While addressing the “treatment gap,” the study by Kalilani et al differs from previous studies by evaluating patient cohorts with treatment delays after diagnosis of epilepsy. Therefore, the study provides important data about implementation of treatment after diagnosis. Kalilani et al analyzed 3 administrative databases, which contained millions of individuals, to identify patients with newly diagnosed epilepsy. They included patients who had an index date (the date of their first epilepsy diagnosis) with a preceding 2 years baseline within the database (1 year for ages 1 to <2 years; none for ages <1 year). To identify newly diagnosed patients, the investigators established a baseline definition of epilepsy diagnosis as any of the following criteria: (1) two ICD-9-CM (International Classification of Diseases, Ninth Revision, Clinical Modification) 345.xx (epilepsy and recurrent seizures) codes at separate encounters; (2) 1 ICD-9-CM 345.xx code and 1 ICD-9-CM 780.39 (other convulsions) code at separate encounters; (3) the ICD-9-CM code 345.3 (grand mal status), occurring twice and separated by at least 30 days, occurring with ICD-9-CM 780.39 and separated by at least 30 days or occurring with ICD-9-CM 345.xx on separate days. They assessed the sensitivity of their findings by analyzing the data after increasing the rigor of the epilepsy diagnostic criteria using 12 case definitions, with the most stringent definition of epilepsy requiring 4 or more separate ICD-9-CM codes of 345.xx as the primary code during encounters at least 30 days apart. Patients receiving a prescription for at least a 30-day supply of an AED during the follow-up period were classified as receiving treatment. The authors performed a primary study, which included 59 970 patients who met the inclusion criteria, 36.7% of whom remained untreated up to 3 years after diagnosis, as well as a validation study including 30 890 patients, 31.8% of whom remained untreated up to 3 years after diagnosis. Using the most stringent definition of epilepsy, which included 9004 patients, 4% remained untreated up to 3 years after diagnosis.

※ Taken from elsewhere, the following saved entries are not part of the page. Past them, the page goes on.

(* Let $G$ be a connected claw-free graph of order $n\ge 4$. Then $\gamma_{cI}(G)=n/2$ if and only if $G\in\Omega$.
   Context: All graphs are finite and simple; $N(v)$ is the open neighborhood of $v$. $G$ is claw-free if it has no induced subgraph isomorphic to $K_{1,3}$. For $f:V(G)\to\{0,1,2\}$ let $V_i=\{v: f(v)=i\}$ and $\omega(f)=\sum_v f(v)$. A covering Italian dominating function (CID function) of $G$ is an $f:V(G)\to\{0,1,2\}$ such that every vertex $v$ with $f(v)=0$ satisfies $\sum_{u\in N(v)}f(u)\ge 2$, and $V_0$ is an independent set. $\gamma_{cI}(G)$ is the minimum of $\omega(f)$ over all CID functions of $G$. A $k$-sun whose Hamiltonian graph is a cycle ($k\ge3$): take a cycle $v_1v_2\cdots v_kv_1$ and add $k$ new vertices $u_1,\dots,u_k$ with $u_i$ adjacent exactly to $v_i$ and $v_{i+1}$ (where $v_{k+1}=v_1$). A $k$-triangle ($k\ge1$): a path $v_1v_2\cdots v_k$ together with $k-1$ new vertices $u_1,\dots,u_{k-1}$, where $u_j$ is adjacent exactly to $v_j$ and $v_{j+1}$ (so it has $k-1$ triangles; a $1$-triangle is a single vertex). The graph $G(k_1,\dots,k_r)$: take disjoint copies of a $k_1$-triangle, a $k_2$-triangle, ..., a $k_r$-triangle, the $i$-th with path $v^i_1\cdots v^i_{k_i}$; then add $r$ new vertices $w_1,\dots,w_r$, where $w_i$ is adjacent exactly to $v^i_{k_i}$ and $v^{i+1}_1$ (indices of the triangles taken cyclically, so $w_r$ is adjacent to $v^r_{k_r}$ and $v^1_1$). (For example, $G(1,\dots,1)$ with $r$ entries is the cycle $C_{2r}$, and with a single entry $G(2)\cong K_4-e$.) $\Omega$ is the family of graphs $G$ that either (i) are a $k$-sun whose Hamiltonian graph is a cycle, or (ii) are of the form $G(k_1,\dots,k_r)$. *)

From mathcomp Require Import all_boot.
Set Implicit Arguments. Unset Strict Implicit. Unset Printing Implicit Defensive.

Section Graphs.
Variable T : finType.
Variable e : rel T.

Definition simple_graph := symmetric e /\ irreflexive e.

Definition connected_graph := forall x y : T, connect e x y.

Definition claw_free := forall v a b c : T,
  e v a -> e v b -> e v c -> a != b -> a != c -> b != c ->
  [|| e a b, e a c | e b c].

Definition is_CID (f : {ffun T -> 'I_3}) :=
  [forall v, (f v == 0 :> nat) ==> (2 <= \sum_(u | e v u) (f u : nat))] &&
  [forall u, forall v, ((f u == 0 :> nat) && (f v == 0 :> nat)) ==> ~~ e u v].

Definition weight (f : {ffun T -> 'I_3}) := \sum_(v : T) (f v : nat).

(* minimum weight; the constant-2 function is always a CID, so 2*|V| is an upper bound *)
Definition gamma_cI :=
  \big[minn/(2 * #|T|)]_(f : {ffun T -> 'I_3} | is_CID f) weight f.
End Graphs.

Inductive lab := LV of nat & nat | LU of nat & nat | LW of nat.

(* k-sun: cycle v_0..v_{k-1} (labels LV 0 j), u_j (labels LU 0 j) adjacent to v_j, v_{j+1 mod k} *)
Definition sun_valid (k : nat) (l : lab) : bool :=
  match l with
  | LV i j => (i == 0) && (j < k)
  | LU i j => (i == 0) && (j < k)
  | LW _ => false
  end.

Definition sun_adj0 (k : nat) (a b : lab) : bool :=
  match a, b with
  | LV _ j, LV _ j' => j' == (j.+1 %% k)
  | LU _ j, LV _ j' => (j' == j) || (j' == j.+1 %% k)
  | _, _ => false
  end.

Definition sun_adj k a b := sun_adj0 k a b || sun_adj0 k b a.

(* G(k_1,...,k_r): triangle chain i (0-based) has path LV i 0 .. LV i (k_i - 1) and
   LU i j adjacent to LV i j and LV i (j+1); LW i adjacent to LV i (k_i - 1)
   and LV ((i+1) mod r) 0. *)
Definition G_valid (ks : seq nat) (l : lab) : bool :=
  match l with
  | LV i j => (i < size ks) && (j < nth 0 ks i)
  | LU i j => (i < size ks) && (j.+1 < nth 0 ks i)
  | LW i => i < size ks
  end.

Definition G_adj0 (ks : seq nat) (a b : lab) : bool :=
  match a, b with
  | LV i j, LV i' j' => (i' == i) && (j' == j.+1)
  | LU i j, LV i' j' => (i' == i) && ((j' == j) || (j' == j.+1))
  | LW i, LV i' j' =>
      ((i' == i) && (j' == (nth 0 ks i).-1)) ||
      ((i' == i.+1 %% size ks) && (j' == 0))
  | _, _ => false
  end.

Definition G_adj ks a b := G_adj0 ks a b || G_adj0 ks b a.

Definition iso_to (T : finType) (e : rel T) (valid : lab -> bool) (adj : lab -> lab -> bool) :=
  exists phi : T -> lab,
    [/\ injective phi, forall x, valid (phi x),
        forall l, valid l -> exists x, phi x = l
      & forall x y, e x y = adj (phi x) (phi y)].

Definition in_Omega (T : finType) (e : rel T) :=
  (exists k, 3 <= k /\ iso_to e (sun_valid k) (sun_adj k)) \/
  (exists ks : seq nat, 0 < size ks /\ all (fun k => 0 < k) ks /\
     iso_to e (G_valid ks) (G_adj ks)).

In addition to assessing treatment with AEDs after diagnosis, the authors also assessed outcomes in patients who did not receive an AED prescription. Epilepsy-related ED visits were considerably less common in the untreated than treated group (Relative Risk [RR] = 0.4), while non-epilepsy-related ED visits were more than 3 times as common, possibly indicating that the untreated group presented with epilepsy-related problems which were not recognized on subsequent visits. Additionally, there was a modest increased risk of burns, falls, fractures, motor vehicle accidents, and suicidality in patients who did not receive an AED prescription.

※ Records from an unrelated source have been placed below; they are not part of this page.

(* the cones C~(p_n) = image of C(p_n) in M_n(V/J_p), via representatives *)
Definition Ctilde V p n (X : opmat n) : Prop :=
  in_mat V X /\
  exists2 Y : opmat n, Cpn V p Y & forall i j, modJ (Jp V p) (X i j) (Y i j).

End OperatorSystems.

From HB Require Import structures.
From mathcomp Require Import all_boot all_order all_algebra.
From mathcomp Require Import reals complex ring.
From Stdlib Require Import FunctionalExtensionality.
Set Implicit Arguments. Unset Strict Implicit. Unset Printing Implicit Defensive.
Import Order.TTheory GRing.Theory Num.Theory.
Local Open Scope ring_scope.

(* Since p is a projection, J_p is exactly the set of x in V with p x p = 0: for
   x in C(p) and -x in C(p) the form h |-> <p x p h, h> vanishes, so p x p = 0 by
   polarization; conversely such an x is A + iB with A, B hermitian and
   p A p = p B p = 0, so that A, B lie in C(p) ∩ -C(p). Hence
   x + J_p = y + J_p iff p x p = p y p, and every axiom for the quotient becomes a
   statement about the compressed forms v |-> <p_n X p_n v, v> on H^n. The cone and
   matrix-ordering axioms are identities between such forms, properness is
   polarization again, and p + J_p is an Archimedean order unit because, for a
   hermitian X with entries bounded by K, the form of X is dominated by n (K + 1)
   times that of p_n. *)

Lemma half_add (F : numFieldType) : (2^-1 : F) + 2^-1 = 1.
Proof. by field. Qed.

Lemma conj_half (F : numClosedFieldType) : (2^-1 : F)^* = 2^-1.
Proof. by rewrite conj_Creal // rpredV realn. Qed.

Section InnerProduct.
Variable R : realType.
Local Notation C := R[i].
Variable H : lmodType C.
Variable ip : H -> H -> C.
Hypothesis hil : is_hilbert_space ip.

Lemma ipDZl a x y z : ip (a *: x + y) z = a * ip x z + ip y z.
Proof. by case: hil. Qed.
Lemma ipC x y : ip y x = (ip x y)^*.
Proof. by case: hil. Qed.
Lemma ip_ge0 x : 0 <= ip x x.
Proof. by case: hil. Qed.
Lemma ip_eq0 x : ip x x = 0 -> x = 0.
Proof. by case: hil => _ _ _ eq0 _; apply: eq0. Qed.

Lemma ip0l z : ip 0 z = 0.
Proof.
have e := ipDZl 1 0 0 z; rewrite scaler0 addr0 mul1r in e.
by apply: (addrI (ip 0 z)); rewrite addr0 -e.
Qed.
Lemma ipDl x y z : ip (x + y) z = ip x z + ip y z.
Proof. by have := ipDZl 1 x y z; rewrite scale1r mul1r. Qed.
Lemma ipZl a x z : ip (a *: x) z = a * ip x z.
Proof. by have := ipDZl a x 0 z; rewrite !addr0 ip0l addr0. Qed.
Lemma ipNl x z : ip (- x) z = - ip x z.
Proof. by rewrite -scaleN1r ipZl mulN1r. Qed.
Lemma ip_suml (I : Type) (r : seq I) (P : pred I) (F : I -> H) z :
  ip (\sum_(i <- r | P i) F i) z = \sum_(i <- r | P i) ip (F i) z.
Proof. by apply: (big_morph (ip^~ z)) => [x y|]; [exact: ipDl | exact: ip0l]. Qed.

Lemma ip0r z : ip z 0 = 0.
Proof. by rewrite (ipC 0 z) ip0l conjC0. Qed.
Lemma ipDr x y z : ip z (x + y) = ip z x + ip z y.
Proof. by rewrite (ipC (x + y) z) (ipC x z) (ipC y z) ipDl rmorphD. Qed.
Lemma ipZr a x z : ip z (a *: x) = a^* * ip z x.
Proof. by rewrite (ipC (a *: x) z) (ipC x z) ipZl rmorphM. Qed.
Lemma ipNr x z : ip z (- x) = - ip z x.
Proof. by rewrite -scaleN1r ipZr rmorphN rmorph1 mulN1r. Qed.
Lemma ip_sumr (I : Type) (r : seq I) (P : pred I) (F : I -> H) z :
  ip z (\sum_(i <- r | P i) F i) = \sum_(i <- r | P i) ip z (F i).
Proof. by apply: (big_morph (ip z)) => [x y|]; [exact: ipDr | exact: ip0r]. Qed.

Lemma ip_extl a b : (forall w, ip a w = ip b w) -> a = b.
Proof.
move=> eab; apply/eqP; rewrite -subr_eq0; apply/eqP/ip_eq0.
by rewrite ipDl ipNl eab subrr.
Qed.

Lemma ip_cross_le a b : ip a b + ip b a <= ip a a + ip b b.
Proof.
rewrite -subr_ge0; have -> : ip a a + ip b b - (ip a b + ip b a) = ip (a - b) (a - b).
  by rewrite ipDl ipNl !ipDr !ipNr; ring.
exact: ip_ge0.
Qed.

Definition is_linear (T : H -> H) := forall (a : C) x y, T (a *: x + y) = a *: T x + T y.

Section Linear.
Variable T : H -> H.
Hypothesis linT : is_linear T.

Lemma lin0 : T 0 = 0.
Proof.
have e := linT 1 0 0; rewrite scaler0 addr0 scale1r in e.
by apply: (addrI (T 0)); rewrite addr0 -e.
Qed.
Lemma linD x y : T (x + y) = T x + T y.
Proof. by have := linT 1 x y; rewrite !scale1r. Qed.
Lemma linZ a x : T (a *: x) = a *: T x.
Proof. by have := linT a x 0; rewrite !addr0 lin0 addr0. Qed.
Lemma linN x : T (- x) = - T x.
Proof. by rewrite -scaleN1r linZ scaleN1r. Qed.
Lemma linB x y : T (x - y) = T x - T y.
Proof. by rewrite linD linN. Qed.
Lemma lin_sum (I : Type) (r : seq I) (P : pred I) (F : I -> H) :
  T (\sum_(i <- r | P i) F i) = \sum_(i <- r | P i) T (F i).
Proof. by apply: (big_morph T) => [x y|]; [exact: linD | exact: lin0]. Qed.
End Linear.

Lemma adjointC T S : is_adjoint ip T S -> is_adjoint ip S T.
Proof. by move=> aTS u v; rewrite (ipC v (S u)) -aTS -ipC. Qed.
Lemma adjoint_ext T S T' S' : is_adjoint ip T S -> T =1 T' -> S =1 S' ->
  is_adjoint ip T' S'.
Proof. by move=> aTS eT eS u v; rewrite -eT -eS. Qed.
Lemma adjoint_comb (a b : C) T1 S1 T2 S2 :
  is_adjoint ip T1 S1 -> is_adjoint ip T2 S2 ->
  is_adjoint ip (fun h => a *: T1 h + b *: T2 h) (fun h => a^* *: S1 h + b^* *: S2 h).
Proof. by move=> a1 a2 u v; rewrite ipDl !ipZl ipDr !ipZr !conjCK a1 a2. Qed.
Lemma adjointZ a T S : is_adjoint ip T S ->
  is_adjoint ip (fun h => a *: T h) (fun h => a^* *: S h).
Proof. by move=> aTS u v; rewrite ipZl ipZr conjCK aTS. Qed.
Lemma adjointD T S T' S' : is_adjoint ip T S -> is_adjoint ip T' S' ->
  is_adjoint ip (fun h => T h + T' h) (fun h => S h + S' h).
Proof. by move=> a1 a2 u v; rewrite ipDl ipDr a1 a2. Qed.
Lemma adjointN T S : is_adjoint ip T S -> is_adjoint ip (fun h => - T h) (fun h => - S h).
Proof. by move=> aTS u v; rewrite ipNl ipNr aTS. Qed.
Lemma adjoint0 : is_adjoint ip (fun _ => 0) (fun _ => 0).
Proof. by move=> u v; rewrite ip0l ip0r. Qed.

Lemma adjoint_sum2 (I : finType) (c : I -> I -> C) (T S : I -> I -> H -> H) :
  (forall i j, is_adjoint ip (T i j) (S i j)) ->
  is_adjoint ip (fun h => \sum_i \sum_j c i j *: T i j h)
                (fun h => \sum_i \sum_j (c i j)^* *: S i j h).
Proof.
move=> aTS u v; rewrite ip_suml ip_sumr; apply: eq_bigr => i _.
rewrite ip_suml ip_sumr; apply: eq_bigr => j _.
by rewrite ipZl ipZr conjCK aTS.
Qed.

Lemma bounded_op_bound T : bounded_op ip T ->
  exists2 M : C, 0 <= M & forall x, ip (T x) (T x) <= M * ip x x.
Proof.
case=> linT [M bM]; exists `|M| => // x.
have [/ip_eq0 -> | xn0] := eqVneq (ip x x) 0; first by rewrite (lin0 linT) ip0l mulr0.
have xp : 0 < ip x x by rewrite lt_def xn0 ip_ge0.
have M0 : 0 <= M by rewrite -(pmulr_lge0 _ xp); apply: le_trans (bM x); apply: ip_ge0.
by rewrite ger0_norm.
Qed.

Lemma bounded_mat_bound n (T : opmat H n) : (forall i j, bounded_op ip (T i j)) ->
  exists2 K : C, 0 <= K & forall i j x, ip (T i j x) (T i j x) <= K * ip x x.
Proof.
move=> bT; have /fin_all_exists2[M M0 bM] : forall ij : 'I_n * 'I_n,
    exists2 M : C, 0 <= M & forall x, ip (T ij.1 ij.2 x) (T ij.1 ij.2 x) <= M * ip x x.
  by move=> ij; apply: bounded_op_bound.
exists (\sum_ij M ij) => [|i j x]; first exact: sumr_ge0.
apply: le_trans (bM (i, j) x) _; rewrite ler_wpM2r ?ip_ge0 //.
by rewrite (bigD1 (i, j)) //= lerDl sumr_ge0.
Qed.

Section OperatorSystem.
Variables (V : (H -> H) -> Prop) (p : H -> H).
Hypotheses (osV : concrete_operator_system ip V) (Vp : V p) (prj : is_projection ip p).

Lemma V_bounded T : V T -> bounded_op ip T.
Proof. by case: osV => bV _ _ _; apply: bV. Qed.
Lemma V_lin T : V T -> is_linear T.
Proof. by case/V_bounded. Qed.
Lemma V_id : V (fun h => h).
Proof. by case: osV. Qed.
Lemma V_comb a S T : V S -> V T -> V (fun h => a *: S h + T h).
Proof. by case: osV => _ _ combV _; apply: combV. Qed.
Lemma V_adjoint T : V T -> exists2 S, V S & is_adjoint ip T S.
Proof. by case: osV => _ _ _ adjV; apply: adjV. Qed.
Lemma V_ext S T : V S -> S =1 T -> V T.
Proof. by move=> VS /functional_extensionality <-. Qed.

Lemma V0 : V (fun _ => 0).
Proof. by apply: V_ext (V_comb (-1) V_id V_id) _ => h; rewrite scaleN1r addNr. Qed.
Lemma VZ a T : V T -> V (fun h => a *: T h).
Proof. by move=> VT; apply: V_ext (V_comb a VT V0) _ => h; rewrite addr0. Qed.
Lemma VD S T : V S -> V T -> V (fun h => S h + T h).
Proof. by move=> VS VT; apply: V_ext (V_comb 1 VS VT) _ => h; rewrite scale1r. Qed.
Lemma VN T : V T -> V (fun h => - T h).
Proof. by move=> VT; apply: V_ext (VZ (-1) VT) _ => h; rewrite scaleN1r. Qed.
Lemma VB S T : V S -> V T -> V (fun h => S h - T h).
Proof. by move=> VS VT; apply: VD VS (VN VT). Qed.
Lemma V_sum (I : Type) (r : seq I) (F : I -> H -> H) :
  (forall i, V (F i)) -> V (fun h => \sum_(i <- r) F i h).
Proof.
move=> VF; elim: r => [|a r IHr]; first by apply: V_ext V0 _ => h; rewrite big_nil.
by apply: V_ext (VD (VF a) IHr) _ => h; rewrite big_cons.
Qed.

Lemma p_lin : is_linear p.
Proof. by case: prj => [[]]. Qed.
Lemma p_adjoint : is_adjoint ip p p.
Proof. by case: prj => _ []. Qed.
Lemma p_idem h : p (p h) = p h.
Proof. by case: prj => _ [_ ->]. Qed.

Lemma V_diag n i j : V (@diag_op _ _ n p i j).
Proof. by rewrite /diag_op; case: (i == j); [exact: Vp | exact: V0]. Qed.
Lemma adjoint_diag n i j : is_adjoint ip (@diag_op _ _ n p i j) (diag_op p j i).
Proof. by rewrite /diag_op eq_sym; case: (j == i); [exact: p_adjoint | exact: adjoint0]. Qed.

Lemma V_conj n m (alpha : 'M[C]_(n, m)) (X : opmat H n) :
  in_mat V X -> in_mat V (conj_mat alpha X).
Proof.
by move=> VX k l; apply: V_sum => i; apply: V_sum => j; apply: VZ.
Qed.

Lemma herm_conj n m (alpha : 'M[C]_(n, m)) (Y : opmat H n) :
  herm_mat ip Y -> herm_mat ip (conj_mat alpha Y).
Proof.
move=> hY k l.
apply: adjoint_ext (adjoint_sum2 (fun i j => (alpha i k)^* * alpha j l) hY) _ _ => // h.
rewrite /conj_mat exchange_big; apply: eq_bigr => i _; apply: eq_bigr => j _.
by rewrite rmorphM /= conjCK mulrC.
Qed.

Definition pequiv (T U : H -> H) := forall h, p (T (p h)) = p (U (p h)).

Lemma pequiv_sym T U : pequiv T U -> pequiv U T.
Proof. by move=> eTU h; rewrite eTU. Qed.
Lemma pequiv_trans T U W : pequiv T U -> pequiv U W -> pequiv T W.
Proof. by move=> eTU eUW h; rewrite eTU eUW. Qed.

Lemma pequiv_adjoint T S T' S' :
  is_adjoint ip T S -> is_adjoint ip T' S' -> pequiv T T' -> pequiv S S'.
Proof.
move=> aTS aTS' eTT' h; apply: ip_extl => w.
by rewrite !p_adjoint (adjointC aTS) (adjointC aTS') !p_adjoint eTT'.
Qed.

Lemma adjoint_compr0 T S : is_adjoint ip T S -> (forall h, p (T (p h)) = 0) ->
  forall h, p (S (p h)) = 0.
Proof.
move=> aTS T0 h; rewrite (pequiv_adjoint aTS adjoint0) ?(lin0 p_lin) // => h'.
by rewrite T0 (lin0 p_lin).
Qed.

Lemma pequiv_conj n m (alpha : 'M[C]_(n, m)) (X Y : opmat H n) :
  (forall i j, pequiv (X i j) (Y i j)) ->
  forall k l, pequiv (conj_mat alpha X k l) (conj_mat alpha Y k l).
Proof.
move=> eXY k l h; rewrite /conj_mat !(lin_sum p_lin); apply: eq_bigr => i _.
by rewrite !(lin_sum p_lin); apply: eq_bigr => j _; rewrite !(linZ p_lin) eXY.
Qed.

Section CompressedForm.
Variable n : nat.
Implicit Types (X Y : opmat H n) (v w : 'I_n -> H).

Definition pform Y v w := \sum_(i < n) ip (\sum_(j < n) p (Y i j (p (v j)))) (w i).
Definition pnorm v := \sum_(i < n) ip (p (v i)) (p (v i)).

Lemma pformDl Y v v' w : (forall i j, is_linear (Y i j)) ->
  pform Y (fun k => v k + v' k) w = pform Y v w + pform Y v' w.
Proof.
move=> linY; rewrite /pform -big_split; apply: eq_bigr => i _ /=.
rewrite -ipDl -big_split; congr ip; apply: eq_bigr => j _ /=.
by rewrite (linD p_lin) (linD (linY _ _)) (linD p_lin).
Qed.
Lemma pformZl Y a v w : (forall i j, is_linear (Y i j)) ->
  pform Y (fun k => a *: v k) w = a * pform Y v w.
Proof.
move=> linY; rewrite /pform mulr_sumr; apply: eq_bigr => i _ /=.
rewrite -ipZl scaler_sumr; congr ip; apply: eq_bigr => j _ /=.
by rewrite (linZ p_lin) (linZ (linY _ _)) (linZ p_lin).
Qed.
Lemma pformDr Y v w w' : pform Y v (fun k => w k + w' k) = pform Y v w + pform Y v w'.
Proof. by rewrite /pform -big_split; apply: eq_bigr => i _; rewrite ipDr. Qed.
Lemma pformZr Y a v w : pform Y v (fun k => a *: w k) = a^* * pform Y v w.
Proof. by rewrite /pform mulr_sumr; apply: eq_bigr => i _; rewrite ipZr. Qed.

Lemma pform_add X Y v w : pform (add_mat X Y) v w = pform X v w + pform Y v w.
Proof.
rewrite /pform -big_split; apply: eq_bigr => i _ /=.
by rewrite -ipDl -big_split; congr ip; apply: eq_bigr => j _; rewrite (linD p_lin).
Qed.
Lemma pform_scale r X v w : pform (scale_mat r X) v w = r * pform X v w.
Proof.
rewrite /pform mulr_sumr; apply: eq_bigr => i _ /=.
by rewrite -ipZl scaler_sumr; congr ip; apply: eq_bigr => j _; rewrite (linZ p_lin).
Qed.
Lemma pform_opp X v w : pform (opp_mat X) v w = - pform X v w.
Proof.
rewrite /pform -sumrN; apply: eq_bigr => i _ /=.
by rewrite -ipNl -sumrN; congr ip; apply: eq_bigr => j _; rewrite (linN p_lin).
Qed.
Lemma pform_pequiv X Y v w : (forall i j, pequiv (X i j) (Y i j)) -> pform X v w = pform Y v w.
Proof.
by move=> eXY; apply: eq_bigr => i _; congr ip; apply: eq_bigr => j _; rewrite eXY.
Qed.

Lemma pnorm_ge0 v : 0 <= pnorm v.
Proof. by apply: sumr_ge0 => i _; apply: ip_ge0. Qed.
Lemma pform_diag v : pform (diag_op p) v v = pnorm v.
Proof.
apply: eq_bigr => i _; rewrite (bigD1 i) //= big1 ?addr0 /diag_op ?eqxx.
  by rewrite !p_idem -{1}p_idem p_adjoint.
by move=> j /negPf; rewrite eq_sym => ->; rewrite (lin0 p_lin).
Qed.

The authors show convincing findings with a rigorous study design. One challenging variable in any study is assigning appropriate diagnostic criteria within the involved cohort. To identify patients with newly diagnosed epilepsy, Kalilani et al used criteria validated in a Canadian-based study by Reid et al.[8] Reid et al evaluated several large insurance and claims databases, validating results with chart reviews from patients from 13 neurologists’ practices. Given the much higher prevalence of epilepsy in the neurologists’ practice as compared to the general population, there is a risk that the coding algorithms showed an inflated positive predictive value in the neurologists’ practice group. A larger concern is how the results from Kalilani et al, which included patients with Medicaid and Medicare, apply to other populations with different demographics. The authors discuss this important issue in the article.

Using the primary case definition of new-onset epilepsy, 36.7% of patients were untreated within 3 years, while using the most stringent definition of new-onset epilepsy showed 4% untreated within 3 years. The patients in the most stringent definition group had more visits, and therefore better follow-up, focusing on their epilepsy diagnosis. For caregivers, this finding reinforces the importance of prioritizing the epilepsy diagnosis, communicating with patients about the diagnosis and its implications, and addressing barriers to treatment. Given the many effective treatments for epileptic seizures, Kalilani et al’s documentation of a “treatment gap” after diagnosis highlights the need for better follow-up and earlier treatment implementation after diagnosis.